Robert Tade, Livestockfeeds Plc
Abimbola Akosile
Despite the global economic challenges and exacerbating high cost of critical raw materials, Livestockfeeds Plc has recorded an astonishing 80 percent growth in performance.
This fact was revealed by the Chairman of the company, Robert Tade, in the 2011 annual report and accounts where he stated that the manufacturing sector especially the flour milling constituency faced enormous challenges during the year.
“Capacity utilisation further decline to about 45 percent and the sector was generally bugged down by the perennial business environmental problems which include acute state of infrastructural decay, especially energy, smuggling and unbridled dumping of cheap substandard goods,” he said.
According to him other challenges faced by the sector include high cost of funds and inadequacy of long-term loan windows to support long gestation investments.
He also mentioned threat to the political and economic stability of the country as a result of the unfortunate and continuing religious and political upheavals especially in the northern geo-political zones of the country.
According to Tade commodity prices experienced an upward shoot worldwide fuelled by the shortages/natural disasters, further compounded by the increasing demands from emerging and developing economies like Brazil, India, and also China who have been experiencing relative robust economic growth.
“The overall business environment was particularly tough for the sub-sector in 2011, largely driven by the excruciating high cost of vegetable protein materials, further aggravated by the harsh operating environment. The associated rising costs invariably led to incessant product price increases fuelling very strong customer price objections,” he said.
He remarked that margins remained thin especially for millers who lacked strategic leverage for inventory acquisition as it became extremely difficult to optimally recover cost owing to intense competitive pressures resulting to price wars.
He also disclosed that most toll millers shut down their businesses, while the very few that remained in business scaled down operation, as it became increasingly difficult to mobilise much more expanded required financial resources required to purchase and keep the same inventory of vegetable protein materials, whose prices had increased by over 100 percent compared to what it was early in the year.
However he also disclosed that the company’s cost of sales increased by About two percent when compared to 2010, and turnover increased from N2 billion in 2010 to N3.6 billion indicating a whooping 80 percent growth in performance.
“In the same vein profit before tax was N150.9 million, rising by about 185 percent over last year, while profit after tax stood at N97 million or 245 percent improvement over 2010 Our earnings per share also significantly increased, closing at 8.14 kobo per share, a clear 245 percent increase, compared to 2.36kobo in 2010,” he said.
He said that these results generally indicate improving efficiency in the overall utilisation of resources by the company’s management team in the face of very excruciating difficulties and pointed out that from the signs already being manifested early in the year propelled by the unbridled scarcity and high cost of virtually all feed raw materials that the challenges of 2012 are going to be even greater.
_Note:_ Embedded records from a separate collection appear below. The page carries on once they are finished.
Variables (A Y : 'rV[R]_n -> Prop) (l : 'rV[R]_n -> 'rV[R]_n -> R).
Hypotheses (convex_A : convex_subset A) (x_in_A : forall j, A (x j)).

Lemma wavg_in_convex a s : A (wavg (a :: s)).
Proof.
elim: s a => [|b s IHs] a.
  by rewrite wavg1.
by have [lam01 ->] := wavg_cons a (b :: s); apply: convex_A.
Qed.

Lemma jensen_wavg yv : convex_in_first A Y l -> Y yv -> forall a s,
  l (wavg (a :: s)) yv <=
    (\sum_(j <- a :: s) w j)^-1 * \sum_(j <- a :: s) w j * l (x j) yv.
Proof.
move=> convex_l Y_yv a s; elim: s a => [|b s IHs] a.
  by rewrite wavg1 !big_seq1 mulrA mulVf ?mul1r // gt_eqF.
have [lam01 ->] := wavg_cons a (b :: s).
apply: le_trans (convex_l _ _ _ _ (x_in_A a) (wavg_in_convex b s) Y_yv lam01) _.
move: lam01 => /andP[_ lam_le1].
have W_gt0 := sum_weights_cons_gt0 b s.
rewrite !(big_cons _ _ a).
apply: le_trans (lerD (lexx _) (ler_wpM2l _ (IHs b))) _; first by rewrite subr_ge0.
by rewrite le_eqVlt; apply/orP; left; apply/eqP; field; rewrite !gt_eqF // ltr_pwDl // ltW.
Qed.

End WeightedAverage.

Section WeightedAverageSet.
Variables (R : realType) (n : nat) (I : finType) (w : I -> R) (x : I -> 'rV[R]_n).
Variables (A Y : 'rV[R]_n -> Prop) (l : 'rV[R]_n -> 'rV[R]_n -> R) (S : {set I}) (j0 : I).
Hypotheses (w_gt0 : forall j, 0 < w j) (j0S : j0 \in S).

Lemma enum_cons : exists a s, enum S = a :: s.
Proof.
by case E : (enum S) => [|a s]; [move: j0S; rewrite -mem_enum E | exists a, s].
Qed.

Lemma wavg_set_in_convex :
  convex_subset A -> (forall j, A (x j)) -> A (wavg w x (enum S)).
Proof. by move=> convex_A x_in_A; have [a [s ->]] := enum_cons; apply: wavg_in_convex. Qed.

Lemma jensen_wavg_set yv : convex_subset A -> (forall j, A (x j)) ->
  convex_in_first A Y l -> Y yv ->
  l (wavg w x (enum S)) yv <= (\sum_(j in S) w j)^-1 * \sum_(j in S) w j * l (x j) yv.
Proof.
move=> convex_A x_in_A convex_l Y_yv; rewrite -!big_enum /=.
have [a [s ->]] := enum_cons; exact: (jensen_wavg w_gt0 convex_A x_in_A convex_l Y_yv).
Qed.

End WeightedAverageSet.

Section D2EALBounds.
Variables (R : realType) (n N : nat) (A Y : 'rV[R]_n -> Prop)
  (l : 'rV[R]_n -> 'rV[R]_n -> R) (f : nat -> 'I_N -> 'rV[R]_n)
  (y : nat -> 'rV[R]_n) (Omega : nat -> 'I_N -> {set 'I_N}) (eta_a eta_w : R).

Local Notation state := (state l f y Omega eta_a eta_w).
Local Notation barL := (barL l f y Omega eta_a eta_w).
Local Notation hatL := (hatL l f y Omega eta_a eta_w).
Local Notation fbar t := (fun k => fbar_of f (state t) t k).

Lemma mem_Lam t j : j \in Lam Omega t j.
Proof. exact: setU11. Qed.

Lemma alpha_itv t j : 0 <= alpha (state t) j <= 1.
Proof.
have ah_gt0 s k : 0 < ah (state s k) /\ 0 < ah' (state s k).
  elim: s k => [|s IHs] k /=; first by rewrite ltr01.
  by have [? ?] := IHs k; rewrite !mulr_gt0 ?expR_gt0.
have [a_gt0 a'_gt0] := ah_gt0 t j.
by rewrite /alpha divr_ge0 ?ler_pdivrMr ?mul1r ?lerDl ?addr_ge0 ?ltW ?addr_gt0.
Qed.

Lemma wh_state t j : wh (state t j) = expR (- (eta_w * barL t j)).
Proof.
elim: t j => [|t IHt] j; first by rewrite /barL big_ord0 mulr0 oppr0 expR0.
by rewrite /= IHt -expRD /barL big_ord_recr /= /fbar_next mulrDr opprD.
Qed.

Lemma wh_gt0 t j : 0 < wh (state t j).
Proof. by rewrite wh_state expR_gt0. Qed.

Lemma fh_succE t j :
  fh (state t.+1 j) = wavg (fun k => wh (state t k)) (fbar t) (enum (Lam Omega t j)).
Proof.
rewrite /= /fhat_next /wavg !big_enum /= scaler_sumr.
by apply: eq_bigr => k kL; rewrite /soc_w kL scalerA mulrC.
Qed.

Hypotheses (convex_A : convex_subset A) (convex_l : convex_in_first A Y l)
  (loss_itv : forall a yv, A a -> Y yv -> 0 <= l a yv <= 1)
  (y_in_Y : forall t, Y (y t)) (f_in_A : forall t j, A (f t j)).

Lemma fh_in_A t j : A (fh (state t j)).
Proof.
elim: t j => [|t IHt] j; first exact: f_in_A.
rewrite fh_succE; apply: (wavg_set_in_convex (wh_gt0 t) (mem_Lam t j)) => // k.
by apply: convex_A; rewrite ?alpha_itv.
Qed.

Lemma fbar_in_A t j : A (fbar t j).
Proof. by apply: convex_A; [apply: f_in_A | apply: fh_in_A | apply: alpha_itv]. Qed.

Lemma fbar_loss_itv t j : 0 <= l (fbar t j) (y t.+1) <= 1.
Proof. exact: loss_itv (fbar_in_A t j) (y_in_Y _). Qed.

Lemma fh_succ_loss_le t j :
  l (fh (state t.+1 j)) (y t.+1) <=
    (\sum_(k in Lam Omega t j) wh (state t k))^-1 *
    \sum_(k in Lam Omega t j) wh (state t k) * l (fbar t k) (y t.+1).
Proof.
rewrite fh_succE.
exact: (jensen_wavg_set (wh_gt0 t) (mem_Lam t j) convex_A (fbar_in_A t) convex_l).
Qed.

Definition potential t i := \sum_(k in Lam Omega t i) wh (state t k).

Lemma potential_succ_le t i : Omega t.+1 i \subset Omega t i -> 0 <= eta_w ->
  potential t.+1 i <=
    potential t i * expR (- (eta_w * l (fh (state t.+1 i)) (y t.+1)) + eta_w ^+ 2 / 8).
Proof.
move=> shrink eta_ge0.
have -> : potential t.+1 i =
  \sum_(k in Lam Omega t.+1 i) wh (state t k) * expR (- (eta_w * l (fbar t k) (y t.+1))) by [].
apply: le_trans (ler_sum_subset _ (finset.setUS [set i] shrink)) _ => [k|].
  exact: mulr_ge0 (ltW (wh_gt0 t k)) (expR_ge0 _).
apply: le_trans (weighted_hoeffding (mem_Lam t i) (wh_gt0 t) (@fbar_loss_itv t) eta_ge0) _.
have potential_ge0 : 0 <= potential t i by apply: sumr_ge0 => k _; exact: ltW (wh_gt0 t k).
by rewrite ler_wpM2l // ler_expR lerD2r lerN2 ler_wpM2l // mulrC fh_succ_loss_le.
Qed.

Lemma potential_le T i : (forall t, (t < T)%N -> Omega t.+1 i \subset Omega t i) ->
  0 <= eta_w ->
  potential T i <= #|Lam Omega 0 i|%:R * expR (- (eta_w * hatL T i) + T%:R * (eta_w ^+ 2 / 8)).
Proof.
move=> + eta_ge0; elim: T => [|t IHt] shrink.
  rewrite /hatL big_ord0 mulr0 oppr0 mul0r addr0 expR0 mulr1.
  by rewrite /potential (eq_bigr (fun=> 1)) ?sumr_const.
apply: le_trans (potential_succ_le (shrink t (ltnSn t)) eta_ge0) _.
apply: le_trans (ler_wpM2r (expR_ge0 _) (IHt (fun s st => shrink s (ltnW st)))) _.
rewrite -mulrA -expRD /hatL big_ord_recr /= -[t.+1%:R]natr1.
by rewrite le_eqVlt; apply/orP; left; apply/eqP; congr (_ * expR _); ring.
Qed.

Lemma scaled_social_regret_le T i :
  (forall t, (t < T)%N -> Omega t.+1 i \subset Omega t i) -> 0 <= eta_w ->
  eta_w * social_regret l f y Omega eta_a eta_w T i <=
    ln (#|Lam Omega 0 i|%:R) + T%:R * (eta_w ^+ 2 / 8).
Proof.
move=> shrink eta_ge0.
set C := _ + _.
have d_gt0 : 0 < #|Lam Omega 0 i|%:R :> R.
  by rewrite ltr0n; apply/card_gt0P; exists i; exact: mem_Lam.
have barL_bound j : j \in Lam Omega T i -> eta_w * (hatL T i - barL T j) <= C.
  move=> jL.
  have wh_le : wh (state T j) <= potential T i.
    rewrite /potential (bigD1 j) //= lerDl sumr_ge0 // => k _; exact: ltW (wh_gt0 T k).
  have := le_trans wh_le (potential_le shrink eta_ge0).
  rewrite wh_state -[X in _ <= X * _]lnK ?posrE // -expRD ler_expR /C; lra.
rewrite /social_regret; apply: (big_ind (fun v => eta_w * (hatL T i - v) <= C)).
- exact: barL_bound (mem_Lam T i).
- by move=> u v hu hv; rewrite minEle; case: ifP.
- exact: barL_bound.
Qed.

End D2EALBounds.

Theorem corollary2 (R : realType) (n N : nat)
  (A Y : 'rV[R]_n -> Prop) (l : 'rV[R]_n -> 'rV[R]_n -> R)
  (f : nat -> 'I_N -> 'rV[R]_n) (y : nat -> 'rV[R]_n)
  (Omega : nat -> 'I_N -> {set 'I_N})
  (T : nat) (eta_a eta_w : R) (i : 'I_N) :
  convex_subset A -> convex_subset Y ->
  (forall a yv, A a -> Y yv -> 0 <= l a yv <= 1) ->
  convex_in_first A Y l ->
  (forall t, Y (y t)) ->
  (forall t j, A (f t j)) ->
  (forall t j k, (k \in Omega t j) = (j \in Omega t k)) ->
  (1 <= T)%N ->
  (2 <= #|Lam Omega 0 i|)%N ->
  (forall t, (1 <= t <= T)%N -> Omega t i \subset Omega t.-1 i) ->
  0 < eta_a ->
  eta_w = Num.sqrt (8 * ln (#|Lam Omega 0 i|%:R) / T%:R) ->
  social_regret l f y Omega eta_a eta_w T i
    <= Num.sqrt (T%:R / 2 * ln (#|Lam Omega 0 i|%:R)).
Proof.
move=> convex_A _ loss_itv convex_l y_in_Y f_in_A _ T_ge1 d_ge2 shrink _ eta_def.
have L_gt0 : 0 < ln (#|Lam Omega 0 i|%:R : R) by rewrite ln_gt0 // ltr1n.
have T_gt0 : 0 < T%:R :> R by rewrite ltr0n.
have eta_gt0 : 0 < eta_w by rewrite eta_def sqrtr_gt0 !mulr_gt0 // invr_gt0.
rewrite -(ler_pM2l eta_gt0) [in X in _ <= X]eta_def -sqrt_rate_tuning ?(ltW L_gt0) // -eta_def.
apply: (scaled_social_regret_le eta_a convex_A convex_l loss_itv y_in_Y f_in_A _ (ltW eta_gt0)).
by move=> t tT; apply: shrink.
Qed.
“I am however assured and very confident that our company would as usual overcome and turn these emergent challenges into opportunities and strength. We therefore anticipate a more robust, rewarding and excellent performance during the financial year, while also ensuring improvements in costs required to enhance our product quality and competitiveness,” he said.
He revealed that the Board bearing in mind the need to inject additional capital into the company had been on the look-out for a credible investor.
“I am happy to inform you that this objective has been met and I am therefore happy to present UACN Plc to you as the proposed new core investor in Livestockfeeds Plc with intention of taking 51 percent of the issued share capital by way of special placement,” he said.